Well then, how does it feel to be portrayed as a bully? "It's distressing," says Cooper". "I'm disappointed and I'm hurt".
Is she a bully?
"No, never. I'm the complete opposite. I'm a person who likes to collaborate. I feel I have a generosity of spirit which is why my business has been a success.
"I come from a place of generosity on all things, but felt on this I needed to make a stand."
With Campbell sitting there, she cannot divulge what Trelise Cooper Ltd offered Tamsin Cooper - and why it was not accepted. But she does say it was not a cash offer, simply a proposal she thought both brands could live with. Now, she says, she can't just let go.
"The problem for me is we both have international businesses. She [Tamsin] already sells into Australia and plans to move into the UK, Ireland, this year."

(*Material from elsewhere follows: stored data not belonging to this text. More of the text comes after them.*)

Lemma card_switch (S : {set {set T}}) a b c d : ([set b; c] \in S) || ([set d; a] \in S) ->
  #|switch S a b c d| <= #|S|.+1.
Proof.
move=> hit; have lt_S : #|S :\ [set b; c] :\ [set d; a]| < #|S|.
  case/orP: hit => [bcS | daS].
    exact: leq_ltn_trans (subset_leq_card (subD1set _ _)) (proper_card (properD1 bcS)).
  apply: leq_ltn_trans (proper_card (properD1 daS)).
  by apply: subset_leq_card; apply/subsetP => D; rewrite !inE => /and3P [-> _ ->].
have := cardsUI (S :\ [set b; c] :\ [set d; a]) [set [set a; b]; [set c; d]].
by rewrite cards2 /switch; lia.
Qed.

Lemma set2_neq (x y : T) (D : {set T}) : x \notin D -> [set x; y] != D.
Proof. by apply: contra => /eqP <-; rewrite set21. Qed.

Lemma in_set4 (z a b c d : T) :
  (z \in [set a; b; c; d]) = [|| z == a, z == b, z == c | z == d].
Proof. by rewrite !inE -!orbA. Qed.

Section Switch.
Variables (M : {set {set T}}) (a b c d : T).
Hypotheses (pmM : pm M) (mate_b : mate M b = c) (mate_d : mate M d = a).
Hypotheses (e_ab : e a b) (e_cd : e c d) (b_neq_d : b != d).

Let mate_a : mate M a = d. Proof. by rewrite -mate_d mateK. Qed.
Let mate_c : mate M c = b. Proof. by rewrite -mate_b mateK. Qed.
Let a_neq_b : a != b. Proof. by apply: contraTneq e_ab => ->; rewrite e_irr. Qed.
Let b_neq_c : b != c. Proof. by rewrite -mate_b eq_sym mate_neq. Qed.
Let c_neq_d : c != d. Proof. by apply: contraTneq e_cd => ->; rewrite e_irr. Qed.
Let d_neq_a : d != a. Proof. by rewrite -mate_d eq_sym mate_neq. Qed.
Let a_neq_c : a != c. Proof. by rewrite -(inj_eq (mate_inj pmM)) mate_a mate_c eq_sym. Qed.

Let swm x := if x == a then b else if x == b then a
             else if x == c then d else if x == d then c else mate M x.

Let swm_out x : x != a -> x != b -> x != c -> x != d -> swm x = mate M x.
Proof. by rewrite /swm => /negbTE -> /negbTE -> /negbTE -> /negbTE ->. Qed.

Let switch_mem x : [set x; swm x] \in switch M a b c d.
Proof.
rewrite /swm; case: eqVneq => [-> | xa]; first by rewrite mem_switch eqxx orbT.
case: eqVneq => [-> | xb]; first by rewrite mem_switch setUC eqxx orbT.
case: eqVneq => [-> | xc]; first by rewrite mem_switch eqxx !orbT.
case: eqVneq => [-> | xd]; first by rewrite mem_switch setUC eqxx !orbT.
by rewrite mem_switch !set2_neq ?mate_in // !inE negb_or ?xa ?xb ?xc ?xd.
Qed.

Let switch_mem_mate D x :
  D \in switch M a b c d -> x \in D -> D = [set x; swm x].
Proof.
rewrite mem_switch /swm => /or3P [/and3P [daD bcD DM] xD | /eqP -> | /eqP ->].
- have DE := pm_mem_mate pmM DM xD.
  case: eqVneq => [xa | _]; first by move: daD; rewrite DE xa mate_a setUC eqxx.
  case: eqVneq => [xb | _]; first by move: bcD; rewrite DE xb mate_b eqxx.
  case: eqVneq => [xc | _]; first by move: bcD; rewrite DE xc mate_c setUC eqxx.
  by case: eqVneq => [xd | _] //; move: daD; rewrite DE xd mate_d eqxx.
- case/set2P => ->; first by rewrite eqxx.
  by rewrite eq_sym (negbTE a_neq_b) eqxx setUC.
- case/set2P => ->; first by rewrite eq_sym (negbTE a_neq_c) eq_sym (negbTE b_neq_c) eqxx.
  rewrite (negbTE d_neq_a) eq_sym (negbTE b_neq_d) eq_sym (negbTE c_neq_d).
  by rewrite eqxx setUC.
Qed.

Lemma switch_pm : pm (switch M a b c d).
Proof.
apply/andP; split.
  apply/forall_inP => D; rewrite mem_switch => /or3P [/and3P [_ _ DM] | /eqP -> | /eqP ->].
  - exact: pm_edge DM.
  - exact: is_edge2.
  - exact: is_edge2.
apply/forallP => v; apply/cards1P; exists [set v; swm v]; apply/setP => D.
rewrite in_set1 in_set; apply/andP/eqP => [[DM vD] | ->]; first exact: switch_mem_mate.
by rewrite switch_mem set21.
Qed.

Let mate_switch x : mate (switch M a b c d) x = swm x.
Proof. exact/mate_uniq/switch_mem/switch_pm. Qed.

Lemma mate_switch_a : mate (switch M a b c d) a = b.
Proof. by rewrite mate_switch /swm eqxx. Qed.

Lemma mate_switch_b : mate (switch M a b c d) b = a.
Proof. by rewrite mate_switch /swm eq_sym (negbTE a_neq_b) eqxx. Qed.

Lemma mate_switch_out x : x != a -> x != b -> x != c -> x != d ->
  mate (switch M a b c d) x = mate M x.
Proof. by move=> *; rewrite mate_switch swm_out. Qed.

Lemma switch_unique N : pm N -> [set a; b] \in N -> [set c; d] \in N ->
  (forall x, x != a -> x != b -> x != c -> x != d -> mate N x = mate M x) ->
  N = switch M a b c d.
Proof.
move=> pmN abN cdN out; apply: pm_eq_mate => // [|x]; first exact: switch_pm.
rewrite mate_switch /swm.
case: eqVneq => [-> | xa]; first exact: mate_uniq.
case: eqVneq => [-> | xb]; first by apply: mate_uniq; rewrite // setUC.
case: eqVneq => [-> | xc]; first exact: mate_uniq.
case: eqVneq => [-> | xd]; first by apply: mate_uniq; rewrite // setUC.
exact: out.
Qed.

Lemma switch_notin_ab : [set a; b] \notin M.
Proof. by apply: contraNN b_neq_d => /(mate_uniq pmM); rewrite mate_a => ->. Qed.

(* Every forcing set of M contains one of the two switched edges, since
   otherwise it would also be contained in the switched matching. *)
Lemma forcing_set_meets S :
  forcing_set e M S -> ([set b; c] \in S) || ([set d; a] \in S).
Proof.
case/forcing_setP => SM forcesM; apply/negPn/negP => /norP [bcS daS].
suff switchM : switch M a b c d = M.
  by move: switch_notin_ab; rewrite -{1}switchM mem_switch eqxx orbT.
apply: forcesM switch_pm _; apply/subsetP => D DS.
rewrite mem_switch (subsetP SM) // andbT.
have D_da : D != [set d; a] by apply: contraNneq daS => <-.
have D_bc : D != [set b; c] by apply: contraNneq bcS => <-.
by rewrite D_da D_bc.
Qed.
(* Let $n\ge 2$ be an integer and define $f_n(x)=\frac{(n-x)^{n-1}}{e^{n-x}(n-1)!}$ for $x\le n$ and $f_n(x)=0$ for $x>n$. Then: (i) $f_n$ is unimodal in $x$ with maximum value $f_n(1)$ (attained at $x=1$), and $f_n(1)\sim \frac{1}{\sqrt{2\pi n}}$ as $n\to\infty$; (ii) for every real $x\ge0$, $f_n(1+x)\le f_n(1-x)$; (iii) for every real $z\ge0$ there is a unique real number $b=b(n,z)$ with $0\le b\le z$ and $f_n(1-z)=f_n(1+z-b)$.
   Context: $f_n$ is the density of $X_1+\cdots+X_n$ where the $X_i$ are independent with density $e^{x-1}$ for $x\le1$ and $0$ for $x>1$. *)

From Stdlib Require Import Reals.
From Coquelicot Require Import Coquelicot.
Open Scope R_scope.

Definition f_dens (n : nat) (x : R) : R :=
  if Rle_dec x (INR n)
  then (INR n - x) ^ (n - 1) / (exp (INR n - x) * INR (Factorial.fact (n - 1)))
  else 0.

(* With E_i = 1 - X_i standard exponential, f_n(x) = g(n - x) for the Gamma(n)
   density g(t) = t^m e^(-t) / m!, m = n - 1.  The ratio
   g(p) / g(q) = exp (m ln (p/q) + q - p) together with ln r < r - 1 shows that g
   increases on [0, m] and decreases on [m, oo), which is (i); the sharper bound
   ln (1 + y) >= 2y / (2 + y) gives g(m - x) <= g(m + x), which is (ii); and (iii)
   is the intermediate value theorem for g on [max 0 (m - z), m], where g is
   injective.  Finally f_n(1) = g(m) = m^m e^(-m) / m!, so the asymptotics is
   Stirling's formula: r_m = ln (m! e^m / (m^m sqrt m)) decreases and stays above
   1/2, and Wallis' integrals give r_(2k) - 2 r_k -> - ln (2 pi) / 2. *)

From Stdlib Require Import Reals Factorial Lra Lia.
From Coquelicot Require Import Coquelicot.
Open Scope R_scope.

As for Tamsin simply using her name, which she surely has every right to do: "I say that you need to think really clearly when going into business, 'who's around with a similar name?'
"And there are laws. If you're using your given name you must make all attempts to disassociate yourself from the competition. I think Tamsin has done the opposite and identified her brand with my brand."
Trelise was undoubtedly there first. Her brand was first established in the early 1980s, Tamsin's in 2003.
So how did it come to this?
"My lawyers wrote to me and told me that Tamsin was registering a trademark."
It was just after Fashion Week last year that Tamsin had launched her clothing label, and Trelise was already worried. She talks about the beaded slippers that her clients tried to order (they were Tamsin's), the mix-up with clients looking for her via Telecom's 018 service and being forwarded to Tamsin Cooper instead. She also talks about how Tamsin, who married Luke Calder in 2001, could have used her married name as she, Trelise, does. How Tamsin's father is in the fashion business and well aware of the impact of her actions.
"The only conclusion I can draw is that if we settle the publicity goes away.
"This has escalated into a big operator versus small designer thing, a North Island versus South Island thing."
Last week's court-ordered judicial mediation had little hope of success. Now, says Cooper, the frock wars are on a no-exit highway. "I couldn't stop even if I wanted to." Next comes a December hearing for more discovery and interrogatory, "then it goes to the High Court, probably in June or July 2007."
So has it been damaging?
The self-confessed new-ager, who identifies with Oprah Winfrey and the "live your dream" philosophy, takes a big breath, runs the soft cloth of her jacket through her fingers for the hundredth time, and thinks carefully. "I've always had masses of support from people who know me, know my brand, but I do think people out there who don't know me, see it as a small designer from Arrowtown being taken to court by a big successful person.
"There is a toll and I'm sure there's one for Tamsin as well. I've purposely not read the media coverage Tamsin has generated because I don't want to get screwed up about it."
Although her lawyer gets in touch only when it's absolutely necessary, the stress of being portrayed as the bad guy is always there. You can see it in the blush that spreads, like a red, tell-tale puddle, up her neck towards the flawlessly made-up face.
Now, after trying to take the dignified route (despite the three-tier skirt) and keeping to business, she is determined to fight her case. "I believe some of the reporting has been unbalanced," she says. "I mentor a lot of young designers."
As for the lawyers' fees coming her way, "I'm too scared to count them."
Again, Cathy Campbell urges her to leave it there. "I guess it's going to be for the courts to decide, unfortunately," says Trelise Cooper. "The ball's in her court."